= Action item =
Show all lines from the records below in which the string "first" is present.

=== Section Start ===

Lemma eq_row_counts j : j <= n -> row_counts j T1 = row_counts j T2.
Proof.
move=> j_le; rewrite -(subKn j_le); elim: (n - j) (leq_subr j n) => [|k IH] k_lt.
  by rewrite subn0 (row_counts_top T1_row_strict) (row_counts_top T2_row_strict).
have i_range : 0 < n - k <= n by rewrite subn_gt0 k_lt leq_subr.
have eq_counts := IH (ltnW k_lt).
have eq_row : row_of T1 (n - k) = row_of T2 (n - k).
  apply: (rank_inj (@row_lt_trans (row_counts (n - k) T1)) (@row_lt_irr _) (@row_lt_total _)
            (row_of_lt T1_row_strict i_range)).
    by rewrite size_fillings; exact: (row_of_lt T2_row_strict i_range).
  rewrite -(D_card_rank T1_row_strict i_range) eq_counts size_fillings.
  by rewrite -(D_card_rank T2_row_strict i_range) (eq_D_card_Phi eq_Phi).
apply: (eq_from_nth (x0 := 0)); first by rewrite !size_map size_fillings.
move=> r; rewrite size_map subnS => r_lt.
rewrite (row_counts_pred T1_row_strict i_range r_lt).
rewrite (row_counts_pred T2_row_strict i_range) -?size_fillings //.
by rewrite eq_counts eq_row.
Qed.

Lemma Phi_inj : T1 = T2.
Proof.
exact: row_strict_eq_of_row_counts T1_row_strict T2_row_strict eq_row_counts.
Qed.

End TwoFillings.

Theorem mainTheorem9 (n : nat) (mu : seq nat) (Hmu : is_partition n mu) :
  (forall T, row_strict n mu T -> in_A n mu (Phi n T)) /\
  (forall m, in_A n mu m -> exists T, row_strict n mu T /\ Phi n T = m) /\
  (forall T1 T2, row_strict n mu T1 -> row_strict n mu T2 ->
     Phi n T1 = Phi n T2 -> T1 = T2) /\
  (forall T, row_strict n mu T -> mono_deg (Phi n T) = num_dim_pairs n T).
Proof.
split; first by move=> T T_row_strict; exists T.
split; first by move=> m [T [T_row_strict <-]]; exists T.
split; first exact: Phi_inj.
by move=> T _; exact: mono_deg_Phi.
Qed.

=== Section End ===

= Exercise answer =
apply: (eq_from_nth (x0 := 0)); first by rewrite !size_map size_fillings.
split; first by move=> T T_row_strict; exists T.
split; first by move=> m [T [T_row_strict <-]]; exists T.
split; first exact: Phi_inj.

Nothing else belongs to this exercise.